Я сжал руками виски и качнулся от новой порции информации. Еще и какой-то «советник хренов» на мою голову нарисовался! Бабка тут же пришла в страшное волнение, побелела и сделала такое движение, словно собиралась подхватить меня на руки. Тот факт, что расстановка сил была явно не в ее пользу, старушку не смущал, и я отчетливо понял, что она и правда сейчас бросится таскать меня «на ручках».

— Мне нормально. Только давайте пока без новых имен! И так голова кругом, — промычал я и решил на этом сделать паузу и отложить дознание о том, кто такие Никодим Ерофеевич, Петр Михайлович, хренов советник, Журка и прочие, тем более что в животе предательски заурчало.

— Это головушка от голода кружится, Митенька! — всплеснула ручками тетушка и вдруг зычно гаркнула в сторону девки, которая давеча храпела в кресле подле моей кровати. — Херосинья! Накрывай на стол!

«Кто ж такая “Журка”?» — подумалось мне. Жирный кот, показавшись в проеме, нагло подмигнул мне и снова исчез, на прощанье тиранувшись выгнутой спиной о дверной косяк.

В этот момент мои размышления о именах в сельской местности были прерваны появлением второй бабки. Судя по всему, это и была вышеозначенная Мария Петровна. Она летела на меня как фрегат на несгибающихся артритных ногах и глаза ее полыхали такой дикой любовью, что я автоматически сделал несколько шагов назад. Вторая тетка была похожа на первую как две капли воды, с той лишь разницей, что ленты на ее замудренном чепце были голубого цвета, а не розового.

— Митенька! Сокол мой ясный! — догнала меня вторая бабуся и так же, как и первая, повисла на шее, заливая горючими слезами мою батистовую сорочку. — Свет очей моих! Очнулся!

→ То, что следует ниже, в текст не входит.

(* With s = 1/beta in (0,1] and g x = (x^s + 1)/2, N2 beta phi is
   psi x = (s/2) x^(s-1) phi (g x).  Functions a x^(m s - j) F (g x) are
   closed under differentiation (with F becoming F'), so psi', psi'' and
   psi''' are explicit sums of such terms.  Putting y = g x,
   w = s x^s / (2 y) in [0, s/2] and G_k = y^k phi^(k)(y), which satisfies
   |G_k| <= b_k phi(y), one finds x^k psi^(k)(x) = psi(x) Q_k / phi(y) with
   Q_k a polynomial in s, w, phi(y), G_1, ..., G_k whose coefficients are
   bounded because |s - 1| <= 1 and w <= 1/2.  The top coefficient of Q_k is
   w^k <= 2^-k, so |Q_k| <= b_k phi(y) as soon as b_1 >= 1 and
   b_(k+1) >= 5 b_k. *)

Definition punctured_I01 (x : R) : (R -> Prop) -> Prop :=
  within (fun y => I01 y /\ y <> x) (locally x).
Definition near_I01 (x : R) : (R -> Prop) -> Prop := within I01 (locally x).

#[local] Instance punctured_I01_filter x : Filter (punctured_I01 x) :=
  within_filter _ _ _ (@filter_filter _ _ (locally_filter x)).
#[local] Instance near_I01_filter x : Filter (near_I01 x) :=
  within_filter _ _ _ (@filter_filter _ _ (locally_filter x)).

Definition slope (f : R -> R) (x y : R) : R := (f y - f x) / (y - x).
Definition is_derive_I01 (f : R -> R) (x v : R) : Prop :=
  filterlim (slope f x) (punctured_I01 x) (locally v).
Definition continuous_I01 (f : R -> R) (x : R) : Prop :=
  filterlim f (near_I01 x) (locally (f x)).

Lemma is_deriv_on_I01_iff (f f' : R -> R) :
  is_deriv_on_I01 f f' <-> forall x, I01 x -> is_derive_I01 f x (f' x).
Proof.
  split.
  - intros Hf x Hx. apply filterlim_locally. intros eps.
    destruct (Hf x Hx eps (cond_pos eps)) as [d [Hd Hslope]].
    exists (mkposreal d Hd). intros y Hyx [HyI Hy]. exact (Hslope y HyI Hy Hyx).
  - intros Hf x Hx eps Heps.
    destruct (proj1 (filterlim_locally _ _) (Hf x Hx) (mkposreal eps Heps)) as [d Hd].
    exists d. split; [apply cond_pos |].
    intros y HyI Hy Hyx. exact (Hd y Hyx (conj HyI Hy)).
Qed.

Lemma continuous_on_I01_iff (f : R -> R) :
  continuous_on_I01 f <-> forall x, I01 x -> continuous_I01 f x.
Proof.
  split.
  - intros Hf x Hx. apply filterlim_locally. intros eps.
    destruct (Hf x Hx eps (cond_pos eps)) as [d [Hd Hf']].
    exists (mkposreal d Hd). intros y Hyx HyI. exact (Hf' y HyI Hyx).
  - intros Hf x Hx eps Heps.
    destruct (proj1 (filterlim_locally _ _) (Hf x Hx) (mkposreal eps Heps)) as [d Hd].
    exists d. split; [apply cond_pos |].
    intros y HyI Hyx. exact (Hd y Hyx HyI).
Qed.

Section FilterlimArith.
Context {T : Type} {F : (T -> Prop) -> Prop} {FF : Filter F}.

Lemma filterlim_Rplus (f g : T -> R) (a b : R) :
  filterlim f F (locally a) -> filterlim g F (locally b) ->
  filterlim (fun t => f t + g t) F (locally (a + b)).
Proof. intros Hf Hg. exact (filterlim_comp_2 f g Rplus Hf Hg (filterlim_plus a b)). Qed.

Lemma filterlim_Rmult (f g : T -> R) (a b : R) :
  filterlim f F (locally a) -> filterlim g F (locally b) ->
  filterlim (fun t => f t * g t) F (locally (a * b)).
Proof. intros Hf Hg. exact (filterlim_comp_2 f g Rmult Hf Hg (filterlim_mult a b)). Qed.

End FilterlimArith.

Lemma filterlim_within_of_locally (D : R -> Prop) (f : R -> R) (x l : R) :
  filterlim f (locally x) (locally l) -> filterlim f (within D (locally x)) (locally l).
Proof. apply filterlim_filter_le_1, (filter_le_within (F := locally x)). Qed.

Lemma continuous_of_is_derive (f : R -> R) (x v : R) : is_derive f x v -> continuous f x.
Proof. intros Hf. exact (ex_derive_continuous f x (ex_intro _ v Hf)). Qed.

Lemma continuous_I01_of_punctured (f : R -> R) (x : R) :
  filterlim f (punctured_I01 x) (locally (f x)) -> continuous_I01 f x.
Proof.
  intros Hf P HP. specialize (Hf P HP).
  unfold filtermap, near_I01, punctured_I01, within in *. revert Hf. apply filter_imp.
  intros y Hy HyI. destruct (Req_dec y x) as [-> | Hyx].
  - exact (locally_singleton _ _ HP).
  - exact (Hy (conj HyI Hyx)).
Qed.

Lemma is_derive_I01_punctured_limit (f : R -> R) (x v : R) :
  is_derive_I01 f x v -> filterlim f (punctured_I01 x) (locally (f x)).
Proof.
  intros Hf.
  apply filterlim_ext_loc with (f := fun y => f x + slope f x y * (y - x)).
  { unfold punctured_I01, within. apply filter_forall. intros y [_ Hyx]. unfold slope. field. lra. }
  replace (locally (f x)) with (locally (f x + v * (x + - x))) by (f_equal; ring).
  apply filterlim_Rplus; [apply filterlim_const |].
  apply filterlim_Rmult; [exact Hf |].
  apply filterlim_Rplus; [apply filterlim_within_of_locally, filterlim_id | apply filterlim_const].
Qed.

Lemma is_derive_I01_continuous (f : R -> R) (x v : R) :
  is_derive_I01 f x v -> continuous_I01 f x.
Proof. intros Hf. apply continuous_I01_of_punctured, (is_derive_I01_punctured_limit _ _ v), Hf. Qed.

Lemma is_derive_I01_of_is_derive (f : R -> R) (x v : R) :
  is_derive f x v -> is_derive_I01 f x v.
Proof.
  intros Hf. apply is_derive_Reals in Hf. apply filterlim_locally. intros eps.
  destruct (Hf eps (cond_pos eps)) as [d Hd].
  exists d. intros y Hyx [_ Hy].
  specialize (Hd (y - x)). rewrite Rplus_minus in Hd.
  apply Hd; [lra | exact Hyx].
Qed.

Lemma is_derive_I01_eq (f : R -> R) (x v w : R) :
  is_derive_I01 f x v -> v = w -> is_derive_I01 f x w.
Proof. intros Hf <-. exact Hf. Qed.

Lemma is_derive_I01_ext (f g : R -> R) (x v : R) :
  (forall y, I01 y -> f y = g y) -> I01 x -> is_derive_I01 f x v -> is_derive_I01 g x v.
Proof.
  intros Hfg Hx Hf. apply filterlim_ext_loc with (f := slope f x); [| exact Hf].
  unfold punctured_I01, within. apply filter_forall. intros y [Hy _].
  unfold slope. rewrite !Hfg; auto.
Qed.

Lemma is_derive_I01_plus (f g : R -> R) (x a b : R) :
  is_derive_I01 f x a -> is_derive_I01 g x b ->
  is_derive_I01 (fun y => f y + g y) x (a + b).
Proof.
  intros Hf Hg.
  apply filterlim_ext_loc with (f := fun y => slope f x y + slope g x y).
  { unfold punctured_I01, within. apply filter_forall. intros y [_ Hyx]. unfold slope. field. lra. }
  apply filterlim_Rplus; assumption.
Qed.

Lemma is_derive_I01_mult (f g : R -> R) (x a b : R) :
  is_derive f x a -> is_derive_I01 g x b ->
  is_derive_I01 (fun y => f y * g y) x (a * g x + f x * b).
Proof.
  intros Hf Hg.
  apply filterlim_ext_loc with (f := fun y => slope f x y * g y + f x * slope g x y).
  { unfold punctured_I01, within. apply filter_forall. intros y [_ Hyx]. unfold slope. field. lra. }
  apply filterlim_Rplus; apply filterlim_Rmult.
  - apply is_derive_I01_of_is_derive, Hf.
  - apply (is_derive_I01_punctured_limit _ _ b), Hg.
  - apply filterlim_const.
  - exact Hg.
Qed.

Первая бабка воспользовалась моим обездвиженным состоянием и опять кинулась с новой порцией объятий. Я вздохнул и понял, что деваться мне абсолютно некуда. А главное зачем? Я всю жизнь провел в детдоме. У меня даже приходящих родственников не было, а тут целый торт из обожания и любви. Какой дурак откажется? Я прикрыл глаза и растаял, как сливочное масло на солнцепеке, зажатый с обеих сторон рыдающими от счастья бабками и думая, что новый мир, возможно, вполне сносен. Ну если только нужник у них не на дворе. Однако торжественность момента испортил снова давший о себе знать пустой желудок. Он издал такой рык, что обе бабки немедленно очнулись.

— Откушать! — сказала одна бабка.

— Немедля! — откликнулась вторая.

— Чем бог послал! — припечатала первая.

«А все не так уж и плохо», — мысленно потер руки я. Жрать хотелось неимоверно. На этом фоне забывались любые, даже такие серьезные проблемы, которые у меня нарисовались. Хотя с другой стороны… Я ведь был жив? Это самое главное. Ну а с моей больной головой разберемся как-нибудь.

========== 2. Советник хренов ==========

Откушать в доме означенных Рыжепоповых-Обездольщиков-или-как-их-там явно любили. Или расстарались специально ради моего чудесного воскрешения. Или ради визита Хренова советника, или как его там. Голова еще слегка кружилась, и в именах-фамилиях я путался. А еще понятия не имел, какой на дворе год, кто, к примеру, на троне. Подобного рода вопросы я задавать напрямую побаивался, чтобы не сдали в дом скорби или как тут у них дурка называется. Услышал только краем уха, что есть император и императрица, дескать, «зело шальная и на придумки ловкая». А какой император? Петр, Александр, Николай? И какой по счету? А так вокруг все было здорово похоже на Россию дореволюционного образца.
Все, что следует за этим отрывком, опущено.